━━━ RECORDED DATA ━━━
Lemma nbisim_trans : forall e1 e2 e3, nbisim e1 e2 -> nbisim e2 e3 -> nbisim e1 e3.
Proof.
  cofix IH. intros e1 e2 e3 H1 H2. destruct H1 as [| |x k a a' br br' Ha Hb].
  - inversion H2; constructor.
  - inversion H2; constructor.
  - inversion H2 as [| |x2 k2 a2 a3 br2 br3 Ha2 Hb2]; subst. constructor.
    + intros j Hj. specialize (Ha j Hj). specialize (Ha2 j Hj).
      destruct Ha as [r e e' He]. inversion Ha2 as [r2 e2 e3 He2]; subst.
      constructor. eapply IH; eauto.
    + intros i. eapply IH; eauto.
Qed.

CoFixpoint nren (rho : nat -> nat) (e : nexp) : nexp :=
  match e with
  | NBot => NBot
  | NNum n => NNum n
  | NCase x k a br => NCase (rho x) k (fun j => nrenp rho (a j)) (fun i => nren rho (br i))
  end
with nrenp (rho : nat -> nat) (p : nproc) : nproc :=
  match p with NLam r e => NLam r (nren (liftren r rho) e) end.

Lemma nren_bot rho : nren rho NBot = NBot. Proof. rewrite (frob_ne_eq (nren _ _)); reflexivity. Qed.
Lemma nren_num rho n : nren rho (NNum n) = NNum n.
Proof. rewrite (frob_ne_eq (nren _ _)); reflexivity. Qed.
Lemma nren_case rho x k a br : nren rho (NCase x k a br) =
  NCase (rho x) k (fun j => nrenp rho (a j)) (fun i => nren rho (br i)).
Proof. rewrite (frob_ne_eq (nren _ _)); reflexivity. Qed.
Lemma nrenp_lam rho r e : nrenp rho (NLam r e) = NLam r (nren (liftren r rho) e).
Proof. rewrite (frob_np_eq (nrenp _ _)); reflexivity. Qed.

Lemma liftren_id r rho : (forall x, rho x = x) -> forall x, liftren r rho x = x.
Proof. intros H x. unfold liftren. destruct (x <? r) eqn:E; auto. apply Nat.ltb_ge in E. rewrite H. lia. Qed.

Lemma nren_id_bisim : forall e rho, (forall x, rho x = x) -> nbisim (nren rho e) e.
Proof.
  cofix IH. intros e rho H. destruct e as [|n|x k a br].
  - rewrite nren_bot; constructor.
  - rewrite nren_num; constructor.
  - rewrite nren_case, H. constructor.
    + intros j _. destruct (a j) as [r e]. rewrite nrenp_lam. constructor. apply IH.
      apply liftren_id; auto.
    + intros i. apply IH; auto.
Qed.

Lemma rple_cong : forall g g' w w', nbisim w w' -> (forall i, nbisim (g i) (g' i)) ->
  nbisim (rple g w) (rple g' w').
Proof.
  cofix IH. intros g g' w w' H Hg. destruct H as [| n|x k a a' br br' Ha Hb].
  - rewrite !rple_bot; constructor.
  - rewrite !rple_num; auto.
  - rewrite !rple_case. constructor; auto.
Qed.

Lemma rple_numerals_bisim : forall w, nbisim (rple (fun i => NNum i) w) w.
Proof.
  cofix IH. intros w. destruct w as [|n|x k a br].
  - rewrite rple_bot; constructor.
  - rewrite rple_num; constructor.
  - rewrite rple_case; constructor; auto. intros j _; apply pbisim_refl.
Qed.

(** * Meta-terms in normal form *)

(* [nfrel E e]: [E] is redex-free and has the shape of [e]; as in [nbisim], the
   arguments beyond the arity of an application node are unconstrained. *)
CoInductive nfrel : mexp -> nexp -> Prop :=
| nr_bot : nfrel MBot NBot
| nr_num n : nfrel (MNum n) (NNum n)
| nr_case x k a br a0 br0 :
    (forall j, j < k -> nfrelp (a j) (a0 j)) -> (forall i, nfrel (br i) (br0 i)) ->
    nfrel (MCaseV x k a br) (NCase x k a0 br0)
with nfrelp : mproc -> nproc -> Prop :=
| nrp_lam r E e : nfrel E e -> nfrelp (MLam r E) (NLam r e).

Lemma nfrel_evals : forall X v, nfrel X v -> evals X v.
Proof.
  cofix IH. intros X v H. destruct H as [|n|x k a br a0 br0 Ha Hb].
  - apply ev_bot; constructor.
  - apply ev_num; constructor.
  - eapply ev_case. constructor.
    + intros j Hj. destruct (Ha j Hj) as [r E e He]. constructor. apply IH; auto.
    + intros i. apply IH; auto.
Qed.

Lemma nfrelp_evals P p : nfrelp P p -> evals_proc P p.
Proof. intros H; destruct H; constructor; apply nfrel_evals; auto. Qed.

Lemma liftsub_liftren_var r rho sigma tau : (forall x, sigma (rho x) = EVar (tau x)) ->
  forall x, liftsub r sigma (liftren r rho x) = EVar (liftren r tau x).
Proof.
  intros H x. unfold liftsub, liftren. destruct (x <? r) eqn:E.
  - rewrite E. reflexivity.
  - assert (E2 : (rho (x - r) + r <? r) = false) by (apply Nat.ltb_ge; lia).
    rewrite E2. replace (rho (x - r) + r - r) with (rho (x - r)) by lia.
    rewrite H. reflexivity.
Qed.

Lemma nfrel_subst_ren : forall u v rho sigma tau, nbisim u v ->
  (forall x, sigma (rho x) = EVar (tau x)) ->
  nfrel (msube sigma (mrene rho (embe u))) (nren tau v).
Proof.
  cofix IH. intros u v rho sigma tau H Hc. destruct H as [| n|x k a a' br br' Ha Hb].
  - rewrite embe_bot, mrene_bot, msube_bot, nren_bot; constructor.
  - rewrite embe_num, mrene_num, msube_num, nren_num; constructor.
  - rewrite embe_case, mrene_caseV, msube_caseV, Hc, nren_case. constructor.
    + intros j Hj. cbv beta. pose proof (Ha j Hj) as Hj'. revert Hj'.
      destruct (a j) as [r e]; destruct (a' j) as [r' e']; intros Hj'.
      inversion Hj' as [r2 e2 e3 He]; subst.
      rewrite embp_lam, mrenp_lam, msubp_lam, nrenp_lam. constructor.
      apply IH; auto. apply liftsub_liftren_var; auto.
    + intros i. apply IH; auto.
Qed.

Lemma nfrel_subst : forall u v rho sigma tau, nbisim u (nren rho v) ->
  (forall x, sigma (rho x) = EVar (tau x)) ->
  nfrel (msube sigma (embe u)) (nren tau v).
Proof.
  cofix IH. intros u v rho sigma tau H Hc. destruct v as [|n|x k a br].
  - rewrite nren_bot in H. inversion H; subst. rewrite embe_bot, msube_bot, nren_bot; constructor.
  - rewrite nren_num in H. inversion H; subst. rewrite embe_num, msube_num, nren_num; constructor.
  - rewrite nren_case in H. inversion H as [| |x2 k2 au a2 bu b2 Ha Hb]; subst.
    rewrite embe_case, msube_caseV, Hc, nren_case. constructor.
    + intros j Hj. cbv beta. pose proof (Ha j Hj) as Hj'. revert Hj'.
      destruct (au j) as [r e]; destruct (a j) as [r' e']; rewrite nrenp_lam; intros Hj'.
      inversion Hj' as [r2 e2 e3 He]; subst.
      rewrite embp_lam, msubp_lam, nrenp_lam. constructor.
      eapply IH; eauto. apply liftsub_liftren_var; auto.
    + intros i. eapply IH; eauto.
Qed.

Lemma evals_case_nfrel : forall X v br g, nfrel X v -> (forall n, evals (br n) (g n)) ->
  evals (MCaseE X br) (rple g v).
Proof.
  cofix IH. intros X v br g H Hg. destruct H as [|n|x k a br1 a0 br0 Ha Hb].
  - rewrite rple_bot. apply ev_bot. econstructor. constructor. constructor.
  - rewrite rple_num. eapply evals_hstep_back. constructor. auto.
  - rewrite rple_case. eapply ev_case.
    + econstructor. constructor. constructor.
    + intros j Hj. apply nfrelp_evals; auto.
    + intros i. apply IH; auto.
Qed.

Lemma evals_subst_rple sigma rho tau h g :
  (forall x, sigma (rho x) = EVar (tau x)) ->
  (forall n u', nbisim u' (h n) -> evals (msube sigma (embe u')) (g n)) ->
  forall m u, nbisim u (rple h (nren rho m)) -> evals (msube sigma (embe u)) (rple g (nren tau m)).
Proof.
  intros Hc Hl. cofix IH. intros m u H. destruct m as [|n|x k a br].
  - rewrite nren_bot, rple_bot in H. inversion H; subst.
    rewrite embe_bot, msube_bot, nren_bot, rple_bot. apply ev_bot; constructor.
  - rewrite nren_num, rple_num in H. rewrite nren_num, rple_num. auto.
  - rewrite nren_case, rple_case in H. inversion H as [| |x2 k2 au a2 bu b2 Ha Hb]; subst.
    rewrite embe_case, msube_caseV, Hc, nren_case, rple_case. eapply ev_case.
    + constructor.
    + intros j Hj. cbv beta. pose proof (Ha j Hj) as Hj'. revert Hj'.
      destruct (au j) as [r e]; destruct (a j) as [r' e']; rewrite nrenp_lam; intros Hj'.
      inversion Hj' as [r2 e2 e3 He]; subst.
      rewrite embp_lam, msubp_lam, nrenp_lam. constructor. apply nfrel_evals.
      eapply nfrel_subst; eauto. apply liftsub_liftren_var; auto.
    + intros i. apply IH; auto.
Qed.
━━━
*YOUR OBJECTIVE*
Identify the lines in the entries above that contain "Prop", then copy them out.

*ANSWER BELOW*
CoInductive nfrel : mexp -> nexp -> Prop :=
with nfrelp : mproc -> nproc -> Prop :=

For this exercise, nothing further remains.